Archives Journalières: 8 juillet 2010

Pour l’été, retour vers les années 70

Avec un film qui se regarde et qui s’écoute: Hair.

Issu d’une comédie musicale (encore) qui elle est toujours à l’affiche, ce film de 1979 de Milos Forman reste toujours d’actualité.

L’histoire : un jeune américain, Claude Bukowski,  fils de fermier de l’Amérique profonde, part pour le Vietnam. Deux rencontres bouleverseront sa vie, l’une avec un groupe de hippies dans Central Park, l’autre avec la belle Sheila, cavalière, aussi dans Central Park.

Notre héros tombe immédiatement amoureux de la belle Sheila, qui clairement appartient à un milieu social bien différent de celui de notre pauvre Claude.

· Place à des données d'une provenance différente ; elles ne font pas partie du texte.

(* Let $\tau_\mathsf{I} \geq 0$ and $\tau_\mathsf{D} \in [0,1)$ be real numbers and define $$\delta_\mathsf{ID}(\tau_\mathsf{I},\tau_\mathsf{D}) = \frac{\tau_\mathsf{I}+\tau_\mathsf{D}(1-\tau_\mathsf{D})}{\tau_\mathsf{I}+1-\tau_\mathsf{D}} = 1 - \frac{(1-\tau_\mathsf{D})^2}{\tau_\mathsf{I}+1-\tau_\mathsf{D}}.$$ Let $C\subseteq\Sigma^n$ (with $\Sigma$ a finite alphabet and $|C|\ge 2$) be a code of minimum Levenshtein distance $d = 2\delta n$ with $\delta > \delta_\mathsf{ID}(\tau_\mathsf{I},\tau_\mathsf{D})$, and put $\gamma = \delta - \delta_\mathsf{ID}(\tau_\mathsf{I},\tau_\mathsf{D})>0$. Then $C$ is $(\lfloor\tau_\mathsf{I} n\rfloor, \lfloor\tau_\mathsf{D} n\rfloor, \ell)$-list decodable for $$\ell = \left\lfloor \frac{\delta(\tau_\mathsf{I}+1)}{\gamma\,(\tau_\mathsf{I} + 1-\tau_\mathsf{D})}\right\rfloor.$$
   Context: For words $x,y$ over $\Sigma$, the Levenshtein distance $d_\mathsf{L}(x,y)$ is the minimum number of single-symbol insertions and deletions needed to transform $x$ into $y$; the minimum Levenshtein distance of a code $C$ is $\min\{d_\mathsf{L}(c_1,c_2): c_1\neq c_2 \in C\}$. For a word $v$ and non-negative integers $a,b$, $B_\mathsf{L}(v,a,b)$ is the set of words obtainable from $v$ by at most $a$ insertions and at most $b$ deletions. A code $C\subseteq \Sigma^n$ is $(t_\mathsf{I},t_\mathsf{D},\ell)$-list decodable if $|B_\mathsf{L}(v,t_\mathsf{D},t_\mathsf{I})\cap C|\le \ell$ for every word $v$ over $\Sigma$ (of any length). *)

From HB Require Import structures.
From mathcomp Require Import all_boot all_order all_algebra.
Set Implicit Arguments. Unset Strict Implicit. Unset Printing Implicit Defensive.
Import Order.TTheory GRing.Theory Num.Theory.

Section Lev.
Variable T : eqType.

Definition del1 (x y : seq T) : Prop :=
  exists2 i, i < size x & y = take i x ++ drop i.+1 x.
Definition ins1 (x y : seq T) : Prop := del1 y x.

Inductive idops : nat -> nat -> seq T -> seq T -> Prop :=
| idops0 x : idops 0 0 x x
| idopsI i j x y z : ins1 x y -> idops i j y z -> idops i.+1 j x z
| idopsD i j x y z : del1 x y -> idops i j y z -> idops i j.+1 x z.

Definition edits (k : nat) (x y : seq T) : Prop :=
  exists i j, i + j = k /\ idops i j x y.

Definition lev_dist_is (x y : seq T) (k : nat) : Prop :=
  edits k x y /\ forall k', edits k' x y -> k <= k'.

Definition in_ballL (v : seq T) (a b : nat) (w : seq T) : Prop :=
  exists i j, [/\ i <= a, j <= b & idops i j v w].
End Lev.

Definition min_lev_dist (Sigma : finType) (n : nat)
    (C : {set n.-tuple Sigma}) (d : nat) : Prop :=
  (exists c1 c2, [/\ c1 \in C, c2 \in C, c1 != c2 & lev_dist_is (val c1) (val c2) d])
  /\ forall c1 c2 k, c1 \in C -> c2 \in C -> c1 != c2 ->
       lev_dist_is (val c1) (val c2) k -> d <= k.

(* C is (tI, tD, l)-list decodable: |B_L(v,tD,tI) ∩ C| <= l for every word v;
   stated as: every subset of C contained in the ball has at most l elements *)
Definition list_decodable (Sigma : finType) (n : nat)
    (C : {set n.-tuple Sigma}) (tI tD l : nat) : Prop :=
  forall (v : seq Sigma) (S : {set n.-tuple Sigma}),
    S \subset C -> (forall c, c \in S -> in_ballL v tD tI (val c)) ->
    #|S| <= l.

Local Open Scope ring_scope.
Definition deltaID (R : numFieldType) (tauI tauD : R) : R :=
  (tauI + tauD * (1 - tauD)) / (tauI + 1 - tauD).

From HB Require Import structures.
From mathcomp Require Import all_boot all_order all_algebra.
From mathcomp Require Import zify ring lra.
From Stdlib Require Import ClassicalEpsilon.
Import Order.TTheory GRing.Theory Num.Theory.
Set Implicit Arguments. Unset Strict Implicit. Unset Printing Implicit Defensive.

(* Each codeword c within the ball around the received word v shares with v a
   common subsequence of length at least L = max(|v| - t_I, n - t_D); its positions
   in v give a 0/1 mask of weight exactly L on the |v| positions of v.  The masks of
   two distinct codewords overlap in a common subsequence of both, hence in at most
   n - d/2 = n - delta n positions.  For m such constant-weight masks, Cauchy-Schwarz
   applied to the column sums gives the Johnson inequality
   m (L^2 - |v| (n - delta n)) <= |v| (L - (n - delta n)), and an elementary analysis
   of this bound for L >= n - tau_D n and |v| <= L + tau_I n yields the claimed list size. *)

Section EditOperations.
Variable T : eqType.
Implicit Types (a : T) (w x y z : seq T).

Lemma idops_trans i j i' j' x y z :
  idops i j x y -> idops i' j' y z -> idops (i + i') (j + j') x z.
Proof.
elim=> {i j x y} [x|i j x y w H _ IH|i j x y w H _ IH] Hz //.
- by rewrite addSn; apply: idopsI H (IH Hz).
- by rewrite addSn; apply: idopsD H (IH Hz).
Qed.

Lemma idops_sym i j x y : idops i j x y -> idops j i y x.
Proof.
elim=> {i j x y} [x|i j x y w H _ IH|i j x y w H _ IH].
- exact: idops0.
- by have := idops_trans IH (idopsD H (idops0 x)); rewrite addn0 addn1.
- by have := idops_trans IH (idopsI H (idops0 x)); rewrite addn0 addn1.
Qed.

Lemma idops_cons a i j x y : idops i j x y -> idops i j (a :: x) (a :: y).
Proof.
elim=> {i j x y} [x|i j x y w H _ IH|i j x y w H _ IH].
- exact: idops0.
- by apply: idopsI IH; case: H => k Hk ->; exists k.+1.
- by apply: idopsD IH; case: H => k Hk ->; exists k.+1.
Qed.

Lemma del1_split x y : del1 x y ->
  exists y1 a y2, x = y1 ++ a :: y2 /\ y = y1 ++ y2.
Proof.
case=> k Hk ->; case Ed: (drop k x) => [|a y2].
  by move: Hk (size_drop k x); rewrite Ed /=; lia.
exists (take k x), a, y2; split; first by rewrite -Ed cat_take_drop.
by rewrite -add1n -drop_drop Ed /= drop0.
Qed.

Lemma del1_subseq x y : del1 x y -> subseq y x.
Proof.
case/del1_split=> y1 [a [y2 [-> ->]]].
by apply: cat_subseq => //; apply: subseq_cons.
Qed.

Lemma idops_size i j x y : idops i j x y -> size y + j = size x + i.
Proof.
elim=> {i j x y} [x|i j x y w H _ IH|i j x y w H _ IH] //.
- by case/del1_split: H IH => y1 [a [y2 [-> ->]]]; rewrite !size_cat /=; lia.
- by case/del1_split: H IH => y1 [a [y2 [-> ->]]]; rewrite !size_cat /=; lia.
Qed.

D’ailleurs la belle Sheila est loin d’être « indifférente » au charme de notre fils de fermier !

Quant à la bande de hippies, elle fera découvrir à Claude tous les plaisirs que la vie peut apporter : l’amour libre, la consommation de substances diverses et variées…

Toute cette petite bande s’invite à une « party » chez les parents de Sheila où toute la bonne société new-yorkaise est réunie, et nos deux tourtereaux sont définitivement « In love » !

Claude ne peut se soustraire à ses obligations militaires, mais ses nouveaux amis lui organisent une dernière rencontre avec Sheila avant qu’il ne décolle vers le Vietnam.

Beaucoup de clichés pour ce film, les « méchants américains » qui vont faire la guerre loin de chez eux où leurs beaux militaires meurent, les hippies qui courent après des idéologies type « peace & love », les riches citadins new-yorkais qui n’ont rien à voir avec le reste des USA majoritairement agricole, que de l’actualité quoi !!!

Pas tout à fait de « happy end » pour ce film, mais l’amour toujours vainqueur.

Je vous conseille vivement de visionner la version originale, la bande son que tout le monde connaît est divine et traverse merveilleusement le temps.

C’est cette comédie musicale qui révèlera en France Julien Clerc où la légende veut qu’il apparaissait nu sur scène.

Et pour ceux qui connaissent ce film par cœur, on peut toujours l’écouter comme un disque, deux heures de bon moment.